Этот слой, «средний советский класс», и был «материальной» основой перестройки и исторических событий начала девяностых. Этим людям было тесно в СССР. Кстати, по всем социологическим опросам нулевых и самого начала десятых примерно такая же (15–20%) доля российских граждан хотела бы жить в европейском (по типу) обществе. Свобода, право, конкуренция, социальная защищенность и т.д. – вот главные параметры такого социума.

Тогда почему эта достаточно многочисленная и общественно «продвинутая» страта оказалась не в состоянии стать историческим субъектом выхода страны из коммунистического тоталитаризма? С опорой на них, выражая их интересы, удалось разбить тюремные оковы, но не получилось всерьез двинуться к нормальной системе политики и экономики. Негативная программа была выполнена (правда, далеко не до конца, но все же…), а на позитивную сил не хватило. Почему?

Когда-то А.И. Солженицын ввел в русский политический лексикон слово «образованцы». Оно носило негативную коннотацию. Так он назвал своих идейных оппонентов либерально-плюралистических воззрений (статья «Наши плюралисты»). Думаю, что в целом в этой полемике Александр Исаевич был неправ (что не отменяет восхищения и благодарности ему). Но все это дела давно минувших дней (хотя, как сказать…). Мы же попробуем использовать этот термин (разумеется, без его обижающего смысла) в наших целях.

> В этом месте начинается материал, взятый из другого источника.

(** oplax case: comparison maps reversed, so the supporting map lives in
    Δ^op: u(φ) : nphi target -> nphi source. *)
Fixpoint suppOp (G : Graph) (a b : vert G) (l l' : LWord G a b) (x : LCellOp l l')
  : nat -> nat :=
  match x with
  | lo_id _ _ _ _ => fun i => i
  | lo_v _ _ _ _ _ _ x y => fun i => suppOp x (suppOp y i)
  | lo_h _ _ _ _ l l' _ _ x y => fun i =>
      if i <? nphi l' then suppOp x i else nphi l + suppOp y (i - nphi l')
  | lo_assoc _ _ _ _ _ _ _ _ => fun i => i
  | lo_assoc_inv _ _ _ _ _ _ _ _ => fun i => i
  | lo_lunit _ _ _ _ => fun i => i
  | lo_lunit_inv _ _ _ _ => fun i => i
  | lo_runit _ _ _ _ => fun i => i
  | lo_runit_inv _ _ _ _ => fun i => i
  | lo_Phi _ _ _ _ _ _ => fun i => i
  | lo_i _ _ => fun i => i
  | lo_m _ _ _ _ _ _ => fun _ => 0
  end.

(** * The strict functor L(U C) -> D induced by a lax functor F, i.e. the
      unique strict functor whose composite with Φ is F ∘ counit. *)

Section Induced.
Variables (C D : Bicat).

Fixpoint evL1 (F : LaxFunctor C D) (a b : ob C) (l : LWord (UG C) a b)
  : hom D (F0 F a) (F0 F b) :=
  match l in LWord _ a b return hom D (F0 F a) (F0 F b) with
  | lphi w => F1 F (evF1 w)
  | lunitw a => id1 (F0 F a)
  | lcomp l k => hcomp1 (evL1 F l) (evL1 F k)
  end.

Fixpoint evL2 (F : LaxFunctor C D) (a b : ob C) (l l' : LWord (UG C) a b)
  (x : LCell l l') : cell (evL1 F l) (evL1 F l') :=
  match x in LCell l l' return cell (evL1 F l) (evL1 F l') with
  | lc_id _ _ _ _ => id2 _
  | lc_v _ _ _ _ _ _ x y => vcomp (evL2 F x) (evL2 F y)
  | lc_h _ _ _ _ _ _ _ _ x y => hcomp2 (evL2 F x) (evL2 F y)
  | lc_assoc _ _ _ _ _ _ _ _ => assoc _ _ _
  | lc_assoc_inv _ _ _ _ _ _ _ _ => assoc_inv _ _ _
  | lc_lunit _ _ _ _ => lunit _
  | lc_lunit_inv _ _ _ _ => lunit_inv _
  | lc_runit _ _ _ _ => runit _
  | lc_runit_inv _ _ _ _ => runit_inv _
  | lc_Phi _ _ _ _ _ x => F2 F (evF2 x)
  | lc_i _ a => lax_i F a
  | lc_m _ _ _ _ w v => lax_m F (evF1 w) (evF1 v)
  end.

Fixpoint evLo1 (F : OplaxFunctor C D) (a b : ob C) (l : LWord (UG C) a b)
  : hom D (oF0 F a) (oF0 F b) :=
  match l in LWord _ a b return hom D (oF0 F a) (oF0 F b) with
  | lphi w => oF1 F (evF1 w)
  | lunitw a => id1 (oF0 F a)
  | lcomp l k => hcomp1 (evLo1 F l) (evLo1 F k)
  end.

Fixpoint evLo2 (F : OplaxFunctor C D) (a b : ob C) (l l' : LWord (UG C) a b)
  (x : LCellOp l l') : cell (evLo1 F l) (evLo1 F l') :=
  match x in LCellOp l l' return cell (evLo1 F l) (evLo1 F l') with
  | lo_id _ _ _ _ => id2 _
  | lo_v _ _ _ _ _ _ x y => vcomp (evLo2 F x) (evLo2 F y)
  | lo_h _ _ _ _ _ _ _ _ x y => hcomp2 (evLo2 F x) (evLo2 F y)
  | lo_assoc _ _ _ _ _ _ _ _ => assoc _ _ _
  | lo_assoc_inv _ _ _ _ _ _ _ _ => assoc_inv _ _ _
  | lo_lunit _ _ _ _ => lunit _
  | lo_lunit_inv _ _ _ _ => lunit_inv _
  | lo_runit _ _ _ _ => runit _
  | lo_runit_inv _ _ _ _ => runit_inv _
  | lo_Phi _ _ _ _ _ x => oF2 F (evF2 x)
  | lo_i _ a => oplax_i F a
  | lo_m _ _ _ _ w v => oplax_m F (evF1 w) (evF1 v)
  end.

End Induced.

(** In
    [LaxNormalForm] a word [l] with indices [gs] is normalized into a stack
    [F(w_1) ⊙ ... ⊙ F(w_n)] (Φ-terms with equal index merged by [m], empty
    groups filled by [i]); every generator commutes with normalization up to
    a structural cell between stacks, such cells are unique by coherence, and
    normalizing cells are split monic, which proves the lax case.  The oplax
    case follows by reversing 2-cells ([Duality]). *)

From Stdlib Require Import Arith List Lia ProofIrrelevance Eqdep.
Import ListNotations.

Notation "x >> y" := (vcomp x y) (at level 40, left associativity).
Notation "x ** y" := (hcomp2 x y) (at level 35, right associativity).

Section BicatAlgebra.
Context {B : Bicat}.

Lemma vcompA {a b} {f g h k : hom B a b} (x : cell f g) (y : cell g h) (z : cell h k) :
  x >> y >> z = x >> (y >> z).
Proof. apply vcomp_assoc. Qed.

Lemma vcomp1l {a b} {f g : hom B a b} (x : cell f g) : id2 f >> x = x.
Proof. apply vcomp_id_l. Qed.

Lemma vcomp1r {a b} {f g : hom B a b} (x : cell f g) : x >> id2 g = x.
Proof. apply vcomp_id_r. Qed.

Lemma hcomp_id {a b c} (f : hom B a b) (g : hom B b c) : id2 f ** id2 g = id2 (hcomp1 f g).
Proof. apply hcomp2_id. Qed.

Lemma interchange2 {a b c} {f f' f'' : hom B a b} {g g' g'' : hom B b c}
  (x : cell f f') (x' : cell f' f'') (y : cell g g') (y' : cell g' g'') :
  (x >> x') ** (y >> y') = (x ** y) >> (x' ** y').
Proof. apply interchange. Qed.

Lemma whisk_l {a b c} {f : hom B a b} {g g' g'' : hom B b c} (y : cell g g') (y' : cell g' g'') :
  id2 f ** (y >> y') = (id2 f ** y) >> (id2 f ** y').
Proof. rewrite <- interchange2, vcomp1l. reflexivity. Qed.

Lemma whisk_r {a b c} {f f' f'' : hom B a b} {g : hom B b c} (x : cell f f') (x' : cell f' f'') :
  (x >> x') ** id2 g = (x ** id2 g) >> (x' ** id2 g).
Proof. rewrite <- interchange2, vcomp1l. reflexivity. Qed.

Lemma split_lr {a b c} {f f' : hom B a b} {g g' : hom B b c} (x : cell f f') (y : cell g g') :
  x ** y = (x ** id2 g) >> (id2 f' ** y).
Proof. rewrite <- interchange2, vcomp1l, vcomp1r. reflexivity. Qed.

Lemma split_rl {a b c} {f f' : hom B a b} {g g' : hom B b c} (x : cell f f') (y : cell g g') :
  x ** y = (id2 f ** y) >> (x ** id2 g').
Proof. rewrite <- interchange2, vcomp1l, vcomp1r. reflexivity. Qed.

Lemma whisk_commute {a b c} {f f' : hom B a b} {g g' : hom B b c} (x : cell f f') (y : cell g g') :
  (x ** id2 g) >> (id2 f' ** y) = (id2 f ** y) >> (x ** id2 g').
Proof. rewrite <- split_lr, <- split_rl. reflexivity. Qed.

Lemma assoc_inv_nat {a b c d} {f f' : hom B a b} {g g' : hom B b c} {h h' : hom B c d}
  (x : cell f f') (y : cell g g') (z : cell h h') :
  (x ** (y ** z)) >> assoc_inv f' g' h' = assoc_inv f g h >> ((x ** y) ** z).
Proof.
  rewrite <- (vcomp1l (x ** (y ** z))), <- (assoc_inv_r f g h), !vcompA.
  rewrite <- (vcompA (assoc f g h)), <- assoc_nat, !vcompA, assoc_inv_l, vcomp1r.
  reflexivity.
Qed.

Lemma lunit_inv_nat {a b} {f f' : hom B a b} (x : cell f f') :
  x >> lunit_inv f' = lunit_inv f >> (id2 (id1 a) ** x).
Proof.
  rewrite <- (vcomp1l x) at 1. rewrite <- (lunit_inv_r f), !vcompA.
  rewrite <- (vcompA (lunit f)), <- lunit_nat, !vcompA, lunit_inv_l, vcomp1r. reflexivity.
Qed.

Lemma runit_inv_nat {a b} {f f' : hom B a b} (x : cell f f') :
  x >> runit_inv f' = runit_inv f >> (x ** id2 (id1 b)).
Proof.
  rewrite <- (vcomp1l x) at 1. rewrite <- (runit_inv_r f), !vcompA.
  rewrite <- (vcompA (runit f)), <- runit_nat, !vcompA, runit_inv_l, vcomp1r. reflexivity.
Qed.

Lemma cancel_assoc_r {a b c d} {X : hom B a d} {f : hom B a b} {g : hom B b c} {h : hom B c d}
  (u v : cell X (hcomp1 (hcomp1 f g) h)) : u >> assoc f g h = v >> assoc f g h -> u = v.
Proof.
  intro H. rewrite <- (vcomp1r u), <- (vcomp1r v), <- (assoc_inv_l f g h), <- !vcompA, H.
  reflexivity.
Qed.

(** Whiskering by an identity 1-cell is faithful (conjugate by the unitor). *)
Lemma whisk_r_id_faithful {a b} {f g : hom B a b} (x y : cell f g) :
  x ** id2 (id1 b) = y ** id2 (id1 b) -> x = y.
Proof.
  intro H.
  assert (E : forall z : cell f g, z = runit_inv f >> (z ** id2 (id1 b)) >> runit g).
  { intro z. rewrite vcompA, runit_nat, <- vcompA, runit_inv_r, vcomp1l. reflexivity. }
  rewrite (E x), (E y), H. reflexivity.
Qed.

Lemma whisk_l_id_faithful {a b} {f g : hom B a b} (x y : cell f g) :
  id2 (id1 a) ** x = id2 (id1 a) ** y -> x = y.
Proof.
  intro H.
  assert (E : forall z : cell f g, z = lunit_inv f >> (id2 (id1 a) ** z) >> lunit g).
  { intro z. rewrite vcompA, lunit_nat, <- vcompA, lunit_inv_r, vcomp1l. reflexivity. }
  rewrite (E x), (E y), H. reflexivity.
Qed.

Lemma kelly_runit {a b c} (f : hom B a b) (g : hom B b c) :
  assoc f g (id1 c) >> (id2 f ** runit g) = runit (hcomp1 f g).
Proof.
  apply whisk_r_id_faithful. apply cancel_assoc_r.
  rewrite whisk_r, vcompA, assoc_nat, <- (triangle g (id1 c)), whisk_l.
  rewrite <- (vcompA (assoc f _ _)), <- !vcompA, pentagon.
  rewrite vcompA, <- assoc_nat, hcomp_id, <- vcompA, triangle. reflexivity.
Qed.

Lemma inv_unique {a b} {f g : hom B a b} (p : cell f g) (u v : cell g f) :
  p >> u = id2 f -> v >> p = id2 g -> u = v.
Proof. intros H1 H2. rewrite <- (vcomp1l u), <- H2, vcompA, H1, vcomp1r. reflexivity. Qed.

Lemma pentagon_inv {a b c d e} (f : hom B a b) (g : hom B b c) (h : hom B c d) (k : hom B d e) :
  assoc_inv f g (hcomp1 h k) >> assoc_inv (hcomp1 f g) h k
  = (id2 f ** assoc_inv g h k) >> assoc_inv f (hcomp1 g h) k >> (assoc_inv f g h ** id2 k).
Proof.
  apply (inv_unique (assoc (hcomp1 f g) h k >> assoc f g (hcomp1 h k))).
  - rewrite !vcompA, <- (vcompA (assoc f g _)), assoc_inv_l, vcomp1l, assoc_inv_l.
    reflexivity.
  - rewrite <- pentagon, !vcompA.
    rewrite <- (vcompA (assoc_inv f g h ** id2 k)), <- whisk_r, assoc_inv_r, hcomp_id, vcomp1l.
    rewrite <- (vcompA (assoc_inv f (hcomp1 g h) k)), assoc_inv_r, vcomp1l.
    rewrite <- whisk_l, assoc_inv_r, hcomp_id. reflexivity.
Qed.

Так вот, страта продвинутых и современных советских людей состояла (в подавляющем числе) из образованцев. – Кто это? Что за люди? Когда-то я писал о рождении в середине ХХ в. (особенно в пятидесятые–семидесятые; в восьмидесятые это был уже зрелый и даже отчасти «перезревший продукт») массового модерного человека. Это индивид эпохи городской Современности (Modernity). Но – советской. Он не знал религиозного воспитания, был обязан к «исповеданию» низкокачественной и злобно-воинствующей идеологии (грубой смеси наивного натурализма-материализма, элементов поверхностного гуманизма, провинциального социал-дарвинизма и фальшиво-оптимистического, низкопробного исторического телеологизма). Он ничего не слышал об основах предпринимательства: не в смысле вора-«скорохвата», какими некоторые из этих людей явились в последние два с половиной десятилетия, но в духе, скажем, «Протестантской этики». Он практически не имел никаких связей с Россией дореволюционной, исторической. С Россией, созидавшей гражданское общество и правовое государство (это – не штампы, это – то, главное, что мы должны знать об Отечестве XIX – начала XX в.). Он был оторван от мейнстрима мировой культуры и социальной эволюции.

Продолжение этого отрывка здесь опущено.